■ **Work task**:
Although the data below holds other lines too, output only those from the line with "by rewrite words_S" up to and including the line with "Lemma count_none (T", exactly as they appear.

■ **Data**:
(* The generating series $g(q;x)=\sum_\gamma q^{\omega_H(\gamma)+\omega_{DU}(\gamma)}x^{n(\gamma)}$, where $\gamma$ ranges over all Grand Schröder paths and $n(\gamma)$ is the semi-length, is $$g(q;x)=\frac{1}{\sqrt{1-2(1+2q)x+(1-2q)^2x^2}}.$$
   Context: Steps: $U=(1,1)$, $D=(1,-1)$, $H=(2,0)$. A Grand Schröder path of semi-length $n$ is any lattice path from $(0,0)$ to $(2n,0)$ with steps $U,D,H$. Paths are identified with words of steps; $\omega_H(\gamma)$ is the number of $H$ steps and $\omega_{DU}(\gamma)$ the number of occurrences of the factor $DU$ in $\gamma$. *)

From HB Require Import structures.
From mathcomp Require Import all_boot all_order all_algebra.
Set Implicit Arguments. Unset Strict Implicit. Unset Printing Implicit Defensive.
Import GRing.Theory.
Local Open Scope ring_scope.

(* Steps U=(1,1), D=(1,-1), H=(2,0). *)
Inductive step := U | D | H.

Definition step_eqb (a b : step) : bool :=
  match a, b with U, U | D, D | H, H => true | _, _ => false end.
Lemma step_eqP : Equality.axiom step_eqb.
Proof. by case; case; constructor. Qed.
HB.instance Definition _ := hasDecEq.Build step step_eqP.

Definition width (s : step) : nat := if s is H then 2 else 1.

Fixpoint words (k : nat) : seq (seq step) :=
  if k is k'.+1 then [seq s :: w | s <- [:: U; D; H], w <- words k'] else [:: [::]].

(* a word is a Grand Schroeder path of semi-length n iff it goes from (0,0)
   to (2n,0): total width 2n and final height 0 (#U = #D). *)
Definition is_grand_schroeder (n : nat) (w : seq step) : bool :=
  (sumn (map width w) == n.*2) && (count_mem U w == count_mem D w).

(* list of all Grand Schroeder paths of semi-length n (each exactly once;
   such a path has at most 2n steps) *)
Definition grand_paths (n : nat) : seq (seq step) :=
  [seq w <- flatten [seq words k | k <- iota 0 n.*2.+1] | is_grand_schroeder n w].

Definition omegaH (w : seq step) : nat := count_mem H w.
Definition omegaDU (w : seq step) : nat :=
  count (fun p : step * step => (p.1 == D) && (p.2 == U)) (zip w (behead w)).

(* coefficient of x^n in g(q;x), as a polynomial in q *)
Definition gcoef (n : nat) : {poly int} :=
  \sum_(w <- grand_paths n) 'X^(omegaH w + omegaDU w).

(* formal power series in x with coefficients in Z[q], as coefficient functions *)
Definition series := nat -> {poly int}.
Definition series_mul (f g : series) : series :=
  fun n => \sum_(i < n.+1) f i * g (n - i)%N.
Definition series_one : series := fun n => if n == 0%N then 1 else 0.

Definition Pser : series := fun n =>
  if n == 0%N then 1
  else if n == 1%N then - (2%:R * (1 + 2%:R * 'X))
  else if n == 2%N then (1 - 2%:R * 'X) ^+ 2
  else 0.

(* f = 1/sqrt(P) as formal power series: f is the (unique) series with
   constant term 1 whose square times P equals 1. *)
Definition is_inv_sqrt (f P : series) : Prop :=
  f 0%N = 1 /\ series_mul (series_mul f f) P = series_one.

From mathcomp Require Import all_boot all_order all_algebra.
From mathcomp Require Import ring zify.
From Stdlib Require Import FunctionalExtensionality.
Import GRing.Theory Num.Theory.

(* 1. The statistic omegaH + omegaDU of a word is computed by a left-to-right
      scan [weight], whose flag records whether the previous letter was D.
   2. Let [nwords b u d e F] count the words with u letters U, d letters D and
      e letters H whose scan (started with flag b) has weight F.  Splitting on
      the first letter gives a recurrence, solved by the closed form
         nwords false u d e F = C(F,e) C(u+e,F) C(d+e,F).
   3. A Grand Schroeder path of semi-length n has u = d and u + e = n, so
      summing the closed form over u gives  [q^F] g_n = C(n,F)^2 2^F.
   4. A binomial identity turns this into the Legendre-type recurrence
         (n+2) g_(n+2) = (2n+3) a g_(n+1) - (n+1) b g_n,
      with a = 1+2q and b = (1-2q)^2.
   5. For any series with g_0 = 1, g_1 = a obeying this recurrence, the square
      s = g^2 satisfies s_(n+2) = 2a s_(n+1) - b s_n (compare n s_n with the
      "derivative" sum of i g_i g_(n-i)), i.e. s (1 - 2ax + bx^2) = 1. *)

Fixpoint weight (afterD : bool) (w : seq step) : nat :=
  if w is s :: w' then
    ((match s with H => 1 | U => nat_of_bool afterD | D => 0 end) + weight (s == D) w')%N
  else 0.

Lemma omegaDU_cons s w :
  omegaDU (s :: w) = ((s == D) && (head H w == U)) + omegaDU w.
Proof. by case: w => [|t w]; rewrite /omegaDU //=; case: s; try case: t. Qed.

Lemma weight_omega_flag b w :
  weight b w = (b && (head H w == U)) + (omegaH w + omegaDU w).
Proof.
elim: w b => [|s w IH] b; first by case: b.
rewrite omegaDU_cons /= IH /omegaH /=.
by case: s; case: b; case: (head H w == U) => /=; lia.
Qed.

Lemma weight_omega w : weight false w = omegaH w + omegaDU w.
Proof. exact: weight_omega_flag. Qed.

Lemma words_S k : words k.+1 =
  [seq U :: w | w <- words k] ++ [seq D :: w | w <- words k] ++ [seq H :: w | w <- words k].
Proof. by rewrite /= cats0. Qed.

Lemma size_words k w : w \in words k -> size w = k.
Proof.
elim: k w => [|k IH] w; first by rewrite inE => /eqP ->.
by rewrite words_S !mem_cat => /or3P [] /mapP [w' /IH <- ->].
Qed.

Lemma size_count w : size w = count_mem U w + count_mem D w + count_mem H w.
Proof.
elim: w => [|s w IH] //=; rewrite IH.
by case: s => /=; set a := count_mem U w; set b := count_mem D w; set c := count_mem H w; lia.
Qed.

Lemma count_none (T : Type) (a : pred T) s : a =1 pred0 -> count a s = 0.
Proof. by move/eq_count->; apply: count_pred0. Qed.

Definition nwords (b : bool) (u d e F : nat) : nat :=
  count (fun w => [&& count_mem U w == u, count_mem D w == d & weight b w == F])
        (words (u + d + e)).

Lemma count_words_short k u d (P : pred (seq step)) : k < u + d ->
  count (fun w => [&& count_mem U w == u, count_mem D w == d & P w]) (words k) = 0.
Proof.
move=> lt_k; apply/eqP; rewrite -leqn0 leqNgt -has_count; apply/hasPn => w /size_words.
rewrite size_count => size_w; apply/negP => /and3P [/eqP cU /eqP cD _]; lia.
Qed.

Lemma nwords0 b F : nwords b 0 0 0 F = (F == 0).
Proof. by rewrite /nwords /= addn0 eq_sym. Qed.

Lemma nwords_rec b u d e F : 0 < u + d + e ->
  nwords b u d e F =
    (if u is u'.+1 then
       (if b then (if F is F'.+1 then nwords false u' d e F' else 0)
        else nwords false u' d e F) else 0)
  + (if d is d'.+1 then nwords true u d' e F else 0)
  + (if e is e'.+1 then (if F is F'.+1 then nwords false u d e' F' else 0) else 0).
Proof.
case Ek: (u + d + e) => [|k] // _.
rewrite {1}/nwords Ek words_S !count_cat !count_map addnA; congr (_ + _ + _).
- case: u Ek => [|u] Ek; first exact: count_none.
  rewrite /nwords (_ : u + d + e = k); last by lia.
  case: b; last exact: eq_count.
  case: F => [|F]; last exact: eq_count.
  by apply: count_none => w /=; rewrite !andbF.
- case: d Ek => [|d] Ek; first by apply: count_none => w /=; rewrite andbF.
  by rewrite /nwords (_ : u + d + e = k); [exact: eq_count | lia].
- case: F => [|F]; first by clear Ek; case: e => [|e]; apply: count_none => w /=; rewrite !andbF.
  case: e Ek => [|e] Ek; last first.
    by rewrite /nwords (_ : u + d + e = k); [exact: eq_count | lia].
  by rewrite (@count_words_short k u d (fun w => weight false w == F)) //; lia.
Qed.

(* Starting after a D only changes the weight of an initial U; comparing the
   two first-letter decompositions relates the two flags. *)
Lemma nwords_afterD u d e F :
  nwords true u d e F + (if u is u'.+1 then nwords false u' d e F else 0) =
  nwords false u d e F +
    (if u is u'.+1 then (if F is F'.+1 then nwords false u' d e F' else 0) else 0).
Proof.
have [sum0 | sum_gt0] := posnP (u + d + e).
  have [-> -> ->] : [/\ u = 0, d = 0 & e = 0] by split; lia.
  by rewrite !nwords0.
by rewrite !(nwords_rec _ _ _ _ _ sum_gt0); case: u {sum_gt0} => [|u]; case: F => [|F]; lia.
Qed.

Definition nformula (u d e F : nat) : nat := 'C(F, e) * 'C(u + e, F) * 'C(d + e, F).

Lemma bin_antisym a b : 'C(a, b) * 'C(b, a) = (a == b).
Proof.
case: (ltngtP a b) => h; first by rewrite bin_small.
  by rewrite (bin_small h) muln0.
by rewrite h binn.
Qed.

Lemma nformula_u0 d e F : nformula 0 d e F = (F == e) * 'C(d + e, e).
Proof. by rewrite /nformula add0n bin_antisym; case: eqP => [->|]. Qed.

Lemma nformula_d0 u e F : nformula u 0 e F = (F == e) * 'C(u + e, e).
Proof. by rewrite /nformula add0n mulnAC bin_antisym; case: eqP => [->|]. Qed.

(* The closed form obeys the recurrence of [nwords_rec] when d = 0 ... *)
Lemma nformula_rec0 u e F : 0 < u + e ->
  nformula u 0 e F = (if u is u'.+1 then nformula u' 0 e F else 0) +
    (if e is e'.+1 then (if F is F'.+1 then nformula u 0 e' F' else 0) else 0).
Proof.
move=> h; case: u h => [|u] h; case: e h => [|e] h; case: F => [|F];
  rewrite ?nformula_d0 /= ?eqSS ?bin0 ?addn0 ?add0n ?mul1n ?mul0n ?muln0 ?muln1 //; try lia.
all: case: (F == e); rewrite ?mul0n ?mul1n ?addSn ?addnS ?binS //; try lia.
all: by rewrite bin_small.
Qed.

(* ... and when d > 0, T standing for the count with flag true, as
   constrained by [nwords_afterD]. *)
Lemma nformula_rec u d e F T :
  T + (if u is u'.+1 then nformula u' d e F else 0) =
    nformula u d e F + (if u is u'.+1 then (if F is F'.+1 then nformula u' d e F' else 0) else 0) ->
  nformula u d.+1 e F = (if u is u'.+1 then nformula u' d.+1 e F else 0) + T +
    (if e is e'.+1 then (if F is F'.+1 then nformula u d.+1 e' F' else 0) else 0).
Proof.
case: u => [|u].
  case: e => [|e]; case: F => [|F] => hT; rewrite ?nformula_u0 /= ?eqSS ?bin0 ?addn0 ?add0n ?mul1n ?mul0n in hT *; try lia.
  rewrite hT; case: (F == e); rewrite ?mul0n ?mul1n // !addSn !addnS binS; lia.
rewrite /nformula; case: e => [|e]; case: F => [|F];
  rewrite ?addn0 ?add0n ?addSn ?addnS ?binS ?bin0 ?bin0n /=; lia.
Qed.

Lemma nwords_closed u d e F : nwords false u d e F = nformula u d e F.
Proof.
have [n] := ubnP (u + d + e); elim: n => // n IH in u d e F *; rewrite ltnS => le_n.
have [sum0 | sum_gt0] := posnP (u + d + e).
  have [-> -> ->] : [/\ u = 0, d = 0 & e = 0] by split; lia.
  by rewrite nwords0 /nformula bin0 bin0n; case: F.
have IHs u' d' e' F' : u' + d' + e' < u + d + e ->
    nwords false u' d' e' F' = nformula u' d' e' F'.
  by move=> lt_sum; apply: IH; lia.
have stepU : (if u is u'.+1 then nwords false u' d e F else 0) =
             (if u is u'.+1 then nformula u' d e F else 0).
  by case: u {le_n} sum_gt0 IHs => // u _ IHs; apply: IHs; lia.
have stepH : (if e is e'.+1 then (if F is F'.+1 then nwords false u d e' F' else 0) else 0) =
             (if e is e'.+1 then (if F is F'.+1 then nformula u d e' F' else 0) else 0).
  by clear stepU; case: e {le_n} sum_gt0 IHs => // e _ IHs; case: F => // F; apply: IHs; lia.
rewrite nwords_rec // stepU stepH.
case: d {le_n} sum_gt0 IHs stepU stepH => [|d] sum_gt0 IHs _ _.
  by rewrite addn0 nformula_rec0 //; lia.
symmetry; apply: nformula_rec; have := nwords_afterD u d e F.
rewrite IHs; last lia.
case: u {sum_gt0} IHs => [|u] IHs; first by rewrite !addn0.
by case: F => [|F]; rewrite !IHs //; lia.
Qed.

Lemma sum_width w : sumn (map width w) = size w + count_mem H w.
Proof. by elim: w => [|s w IH] //=; rewrite IH; case: s => /=; lia. Qed.

Lemma grand_schroederE n w : is_grand_schroeder n w =
  (count_mem U w == count_mem D w) && (size w == count_mem U w + n).
Proof.
rewrite /is_grand_schroeder sum_width [size w]size_count -muln2.
by apply/andP/andP => -[/eqP h1 /eqP h2]; split; apply/eqP; lia.
Qed.

Definition grand_weight n F : pred (seq step) :=
  predI (fun w => weight false w == F) (is_grand_schroeder n).

Lemma count_grand_short n k F : k < n -> count (grand_weight n F) (words k) = 0.
Proof.
move=> lt_kn; apply/eqP; rewrite -leqn0 leqNgt -has_count.
apply/hasPn => w /size_words size_w; rewrite /grand_weight /= grand_schroederE size_w.
by apply/negP => /andP [_ /andP [_ /eqP]]; lia.
Qed.

Lemma count_grand_len n u F : u <= n ->
  count (grand_weight n F) (words (u + n)) = nwords false u u (n - u) F.
Proof.
move=> le_un; rewrite /nwords (_ : u + u + (n - u) = u + n); last by lia.
apply: eq_in_count => w /size_words size_w; rewrite /grand_weight /=.
rewrite grand_schroederE size_w eqn_add2r (eq_sym u).
case: (count_mem U w =P u) => [->|_]; last by rewrite !andbF.
by rewrite andbT andbC eq_sym.
Qed.

Lemma count_grand n F : count (fun w => weight false w == F) (grand_paths n) =
  \sum_(u < n.+1) nwords false u u (n - u) F.
Proof.
rewrite /grand_paths count_filter count_flatten sumnE !big_map -/(index_iota 0 n.*2.+1).
rewrite (@big_cat_nat _ _ _ n) //=; last by rewrite -addnn; lia.
rewrite big1_seq => [|k /andP [_]]; last first.
  by rewrite mem_index_iota => /andP [_ lt_kn]; apply: count_grand_short.
rewrite add0n -{1}(add0n n) big_addn (_ : n.*2.+1 - n = n.+1); last by rewrite -addnn; lia.
by rewrite big_mkord; apply: eq_bigr => u _; rewrite count_grand_len // -ltnS.
Qed.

■ **Exercise result**:
by rewrite words_S !mem_cat => /or3P [] /mapP [w' /IH <- ->].
Qed.

Lemma size_count w : size w = count_mem U w + count_mem D w + count_mem H w.
Proof.
elim: w => [|s w IH] //=; rewrite IH.
by case: s => /=; set a := count_mem U w; set b := count_mem D w; set c := count_mem H w; lia.
Qed.

Lemma count_none (T : Type) (a : pred T) s : a =1 pred0 -> count a s = 0.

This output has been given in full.